Elsie Louise Shaw was a naturalist and botanical artist many of whose watercolors are now in the collection of the Gray Herbarium at Harvard University.

Biography

As an illustrator, Shaw provided 48 full-page color plates for Frances Theodora Parsons' book How to Know the Wild Flowers (1893), which was the first field guide to North American wildflowers. It was something of a sensation: the first printing sold out in five days, and it was praised by Theodore Roosevelt and Rudyard Kipling, among others. The work as remained in print into the 21st century, although most later editions did not include Shaw's color plates (although they did include the black-and-white illustrations by Marion Satterlee).

Shaw also illustrated another of Parsons' books about wildflowers, According to Season (1902) with 32 full-page color plates.

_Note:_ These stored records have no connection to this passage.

(* Let ${\bm G}$ be a random matrix in $\mathbb{R}^{m\times n}$ with $\mathbb{E}[{\bm G}]={\bm M}$ and $\mathbb{E}[\|{\bm G}-{\bm M}\|_F^\alpha]\le\sigma^\alpha$ for some $\alpha\in(1,2]$ and $\sigma>0$, and let $\tau>0$, $d=\min\{m,n\}$. Then $$\mathbb{E}\big[\|\mathcal{C}_\tau({\bm G})\|_F^2\big]\le 2\|{\bm M}\|_F^2+2^{4-\alpha}d^{1-\alpha/2}\tau^{2-\alpha}\sigma^\alpha.$$ (In the paper this is applied conditionally on ${\bm X}_k$ with ${\bm G}={\bm G}_k$ and ${\bm M}=\nabla f({\bm X}_k)$.)
   Context: $\|\cdot\|_F$ is the Frobenius norm. Spectral clipping: for ${\bm G}\in\mathbb{R}^{m\times n}$ with (thin) SVD ${\bm G}={\bm U}\,\mathrm{diag}(\sigma_1,\dots,\sigma_d){\bm V}^\top$, $d=\min\{m,n\}$, and threshold $\tau>0$, define $\mathcal{C}_\tau({\bm G}):={\bm U}\,\mathrm{diag}(\min\{\sigma_1,\tau\},\dots,\min\{\sigma_d,\tau\}){\bm V}^\top$. *)

From HB Require Import structures.
From mathcomp Require Import all_boot all_order all_algebra.
From mathcomp Require Import all_classical all_reals all_analysis.
Set Implicit Arguments. Unset Strict Implicit. Unset Printing Implicit Defensive.
Import Order.TTheory GRing.Theory Num.Theory.
Local Open Scope ring_scope.

Definition frob (R : realType) (m n : nat) (A : 'M[R]_(m, n)) : R :=
  Num.sqrt (\sum_(i < m) \sum_(j < n) A i j ^+ 2).

Definition is_thin_svd (R : realType) (m n : nat) (G : 'M[R]_(m, n))
  (U : 'M[R]_(m, minn m n)) (s : 'rV[R]_(minn m n)) (V : 'M[R]_(n, minn m n)) :=
  [/\ U^T *m U = 1%:M, V^T *m V = 1%:M, (forall i, 0 <= s ord0 i)
    & G = U *m diag_mx s *m V^T].

Definition is_spectral_clip (R : realType) (m n : nat) (tau : R)
  (G C : 'M[R]_(m, n)) :=
  exists U s V, is_thin_svd G U s V /\
    C = U *m diag_mx (\row_i Num.min (s ord0 i) tau) *m V^T.

(* C_tau(G): a spectral clipping of G (the thin SVD always exists, and the
   result does not depend on the chosen SVD) *)
Definition spec_clip (R : realType) (m n : nat) (tau : R) (G : 'M[R]_(m, n))
  : 'M[R]_(m, n) :=
  match pselect (exists C, is_spectral_clip tau G C) with
  | left H => projT1 (cid H)
  | right _ => 0
  end.

From HB Require Import structures.
From mathcomp Require Import all_boot all_order all_algebra.
From mathcomp Require Import all_classical all_reals all_analysis.
From mathcomp Require Import lra measurable_realfun.
Set Implicit Arguments. Unset Strict Implicit. Unset Printing Implicit Defensive.
Import Order.TTheory GRing.Theory Num.Theory.
Local Open Scope ring_scope.

(** The bound holds pointwise in [w].  Clipping keeps the singular values and caps them at [tau], hence
    [|C(G)|^2 <= min(|G|^2, d tau^2)], and [|G|^2 <= 2|M|^2 + 2|G - M|^2].
    Interpolating [min(a, b) <= a^(alpha/2) b^(1 - alpha/2)] with [a = 2|G - M|^2]
    and [b = d tau^2] turns the minimum into a multiple of [|G - M|^alpha],
    whose expectation is at most [sigma^alpha]. *)

Section Frobenius.
Variable R : realType.

Lemma frob_ge0 m n (A : 'M[R]_(m, n)) : 0 <= frob A.
Proof. exact: sqrtr_ge0. Qed.

Lemma frob_sq m n (A : 'M[R]_(m, n)) :
  frob A ^+ 2 = \sum_(i < m) \sum_(j < n) A i j ^+ 2.
Proof.
by rewrite sqr_sqrtr // sumr_ge0 // => i _; rewrite sumr_ge0 // => j _; rewrite sqr_ge0.
Qed.

Lemma frob_sq_tr m n (A : 'M[R]_(m, n)) : frob A ^+ 2 = \tr (A^T *m A).
Proof.
rewrite frob_sq /mxtrace exchange_big /=; apply: eq_bigr => j _.
by rewrite !mxE; apply: eq_bigr => i _; rewrite mxE expr2.
Qed.

Lemma frob_sqD_le m n (A B : 'M[R]_(m, n)) :
  frob (A + B) ^+ 2 <= 2 * frob A ^+ 2 + 2 * frob B ^+ 2.
Proof.
rewrite !frob_sq !mulr_sumr -big_split /=; apply: ler_sum => i _.
rewrite !mulr_sumr -big_split /=; apply: ler_sum => j _.
have := sqr_ge0 (A i j - B i j); rewrite sqrrB mxE sqrrD; lra.
Qed.

Lemma frob_sq_svd m n k (U : 'M[R]_(m, k)) (V : 'M[R]_(n, k)) (t : 'rV[R]_k) :
  U^T *m U = 1%:M -> V^T *m V = 1%:M ->
  frob (U *m diag_mx t *m V^T) ^+ 2 = \sum_(i < k) t 0 i ^+ 2.
Proof.
move=> UU VV; rewrite frob_sq_tr !trmx_mul trmxK tr_diag_mx.
rewrite -!mulmxA (mulmxA U^T) UU mul1mx mxtrace_mulC -!mulmxA VV mulmx1.
by rewrite mul_diag_mx /mxtrace; apply: eq_bigr => i _; rewrite !mxE eqxx mulr1n expr2.
Qed.

Lemma sum_sq_min_le k (s : 'rV[R]_k) (tau : R) :
  (forall i, 0 <= s 0 i) -> 0 <= tau ->
  \sum_(i < k) Num.min (s 0 i) tau ^+ 2
    <= Num.min (\sum_(i < k) s 0 i ^+ 2) (k%:R * tau ^+ 2).
Proof.
move=> s0 tau0; have min0 i : 0 <= Num.min (s 0 i) tau by rewrite le_min s0.
rewrite le_min; apply/andP; split.
  by apply: ler_sum => i _; rewrite ler_sqr ?nnegrE ?s0 // ge_min lexx.
have -> : k%:R * tau ^+ 2 = \sum_(i < k) tau ^+ 2.
  by rewrite sumr_const card_ord mulr_natl.
apply: ler_sum => i _.
by rewrite ler_sqr ?nnegrE // ge_min lexx orbT.
Qed.

Lemma frob_spec_clip_sq_le m n (tau : R) (G : 'M[R]_(m, n)) : 0 <= tau ->
  frob (spec_clip tau G) ^+ 2 <= Num.min (frob G ^+ 2) ((minn m n)%:R * tau ^+ 2).
Proof.
move=> tau0; rewrite /spec_clip; case: pselect => [clipG|_]; last first.
  rewrite frob_sq big1 => [|i _]; last by rewrite big1 // => j _; rewrite mxE expr0n.
  by rewrite le_min sqr_ge0 mulr_ge0 ?sqr_ge0.
case: (cid clipG) => C /= [U [s [V [[UU VV s0 ->] ->]]]].
rewrite !frob_sq_svd //.
under eq_bigr do rewrite mxE.
exact: sum_sq_min_le.
Qed.

End Frobenius.

Lemma min_le_powR_mean (R : realType) (a b theta : R) :
  0 <= a -> 0 <= b -> 0 <= theta <= 1 ->
  Num.min a b <= a `^ theta * b `^ (1 - theta).
Proof.
move=> a0 b0 /andP[th0 th1].
have th1' : 0 <= 1 - theta by rewrite subr_ge0.
have powR_split x : 0 <= x -> x = x `^ theta * x `^ (1 - theta).
  by move=> x0; rewrite -powRD addrC subrK ?powRr1 ?oner_eq0.
case: (leP a b) => [ab|ba].
- by rewrite {1}(powR_split a a0) ler_wpM2l ?powR_ge0 // ge0_ler_powR.
- by rewrite {1}(powR_split b b0) ler_wpM2r ?powR_ge0 // ge0_ler_powR // ?nnegrE ltW.
Qed.

(* The constant [2^(4 - alpha)] is generous: interpolation only produces
   [2^(alpha/2)]. *)
Lemma min_sq_le_powR (R : realType) (x d tau alpha : R) :
  0 <= x -> 0 <= d -> 0 <= tau -> 0 <= alpha <= 2 ->
  Num.min (2 * x ^+ 2) (d * tau ^+ 2)
    <= 2 `^ (4 - alpha) * d `^ (1 - alpha / 2) * tau `^ (2 - alpha) * x `^ alpha.
Proof.
move=> x0 d0 tau0 /andP[a0 a2].
have theta01 : 0 <= alpha / 2 <= 1 by apply/andP; split; lra.
have two_x0 : 0 <= 2 * x ^+ 2 by rewrite mulr_ge0 ?sqr_ge0.
have d_tau0 : 0 <= d * tau ^+ 2 by rewrite mulr_ge0 ?sqr_ge0.
apply: le_trans (min_le_powR_mean two_x0 d_tau0 theta01) _.
rewrite powRM ?sqr_ge0 // powRM ?sqr_ge0 // -(powR_mulrn _ x0) -(powR_mulrn _ tau0) -!powRrM.
have -> : 2 * (alpha / 2) = alpha by lra.
have -> : 2 * (1 - alpha / 2) = 2 - alpha by lra.
rewrite [leRHS]mulrC !mulrA (mulrC (x `^ alpha)).
do 3 (apply: ler_wpM2r; first exact: powR_ge0).
by apply: ler_powR; [rewrite ler1n | lra].
Qed.

Lemma frob_spec_clip_sq_le_dev (R : realType) m n (G M : 'M[R]_(m, n))
    (alpha tau : R) :
  0 <= alpha <= 2 -> 0 <= tau ->
  frob (spec_clip tau G) ^+ 2 <= 2 * frob M ^+ 2 +
    2 `^ (4 - alpha) * (minn m n)%:R `^ (1 - alpha / 2) * tau `^ (2 - alpha)
    * frob (G - M) `^ alpha.
Proof.
move=> alpha02 tau0; set d := (minn m n)%:R; set x := frob (G - M).
have dev : frob G ^+ 2 <= 2 * frob M ^+ 2 + 2 * x ^+ 2.
  by rewrite -[G in frob G](subrK M) addrC frob_sqD_le.
have min_dev : Num.min (frob G ^+ 2) (d * tau ^+ 2)
    <= 2 * frob M ^+ 2 + Num.min (2 * x ^+ 2) (d * tau ^+ 2).
  case: (leP (2 * x ^+ 2) (d * tau ^+ 2)) => h.
  - by rewrite ge_min dev.
  - by rewrite ge_min lerDr mulr_ge0 ?sqr_ge0 ?orbT.
apply: le_trans (frob_spec_clip_sq_le G tau0) (le_trans min_dev _).
by rewrite lerD2l min_sq_le_powR ?frob_ge0.
Qed.

Lemma measurable_frob d (T : measurableType d) (R : realType) m n
    (F : T -> 'M[R]_(m, n)) :
  (forall i j, measurable_fun setT (fun w => F w i j)) ->
  measurable_fun setT (fun w => frob (F w)).
Proof.
move=> mF; apply: measurableT_comp (continuous_measurable_fun (@sqrt_continuous R)) _.
by apply: measurable_sum => i; apply: measurable_sum => j; exact: measurable_funX.
Qed.

Local Open Scope ereal_scope.

(* No measurability is required: for nonnegative functions the integral is the
   supremum of the integrals of the simple functions below it.  This matters
   because [spec_clip] is defined by choice and need not be measurable. *)
Lemma ge0_le_integralT d (T : measurableType d) (R : realType)
    (mu : {measure set T -> \bar R}) (f g : T -> \bar R) :
  (forall x, 0 <= f x) -> (forall x, f x <= g x) ->
  \int[mu]_x f x <= \int[mu]_x g x.
Proof.
move=> f0 fg; rewrite !ge0_integralTE // => [|x]; last exact: le_trans (fg x).
apply: ge_ereal_sup => _ [h hf <-]; apply: ereal_sup_ubound; exists h => //.
by move=> x; exact: le_trans (hf x) (fg x).
Qed.

Local Close Scope ereal_scope.

Theorem mainTheorem4 (R : realType) (dsp : measure_display)
  (Omega : measurableType dsp) (P : probability Omega R)
  (m n : nat) (G : Omega -> 'M[R]_(m, n)) (M : 'M[R]_(m, n))
  (alpha sigma tau : R) :
  (forall i j, measurable_fun setT (fun w => G w i j)) ->
  (forall i j, P.-integrable setT (fun w => (G w i j)%:E)) ->
  (forall i j, (\int[P]_w (G w i j)%:E = (M i j)%:E)%E) ->
  1 < alpha -> alpha <= 2 -> 0 < sigma ->
  (\int[P]_w ((frob (G w - M)) `^ alpha)%:E <= (sigma `^ alpha)%:E)%E ->
  0 < tau ->
  (\int[P]_w ((frob (spec_clip tau (G w))) ^+ 2)%:E
    <= (2 * frob M ^+ 2
        + 2 `^ (4 - alpha) * (minn m n)%:R `^ (1 - alpha / 2)
          * tau `^ (2 - alpha) * sigma `^ alpha)%:E)%E.
Proof.
move=> mG _ _ alpha1 alpha2 _ moment tau0.
set K := 2 `^ (4 - alpha) * _ * _.
have alpha02 : 0 <= alpha <= 2 by apply/andP; split; lra.
have K0 : 0 <= K by rewrite !mulr_ge0 ?powR_ge0.
have mdev : measurable_fun setT (fun w => frob (G w - M) `^ alpha).
  apply: measurableT_comp (measurable_powR alpha) (measurable_frob _) => i j.
  by under eq_fun do rewrite !mxE; exact: measurable_funB.
apply: (@le_trans _ _
  (\int[P]_w ((2 * frob M ^+ 2)%:E + K%:E * (frob (G w - M) `^ alpha)%:E))%E).
  apply: ge0_le_integralT => w; first by rewrite lee_fin sqr_ge0.
  by rewrite -EFinM -EFinD lee_fin frob_spec_clip_sq_le_dev ?(ltW tau0).
rewrite ge0_integralD //; last 3 first.
- by move=> w _; rewrite lee_fin mulr_ge0 ?sqr_ge0.
- by move=> w _; rewrite mule_ge0 // lee_fin powR_ge0.
- exact/measurable_funeM/measurable_EFinP.
rewrite integral_cst //= probability_setT mule1 ge0_integralZl //; last 2 first.
- exact/measurable_EFinP.
- by move=> w _; rewrite lee_fin powR_ge0.
by rewrite EFinD leeD2l // (EFinM K) lee_wpmul2l ?lee_fin.
Qed.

Shaw collected specimens of eastern North American wildflowers for the Gray Herbarium as well as for the University of Maine and the New England Botanical Club. She painted  watercolors from these specimens—sometimes in the field—as well as from specimens collected by botanists like J. Franklin Collins, Merritt Lyndon Fernald, C.D. Lippincott, and Arthur H. Norton. Her "wonderfully accurate" paintings often show a small grouping of flowers on the stem with their leaves.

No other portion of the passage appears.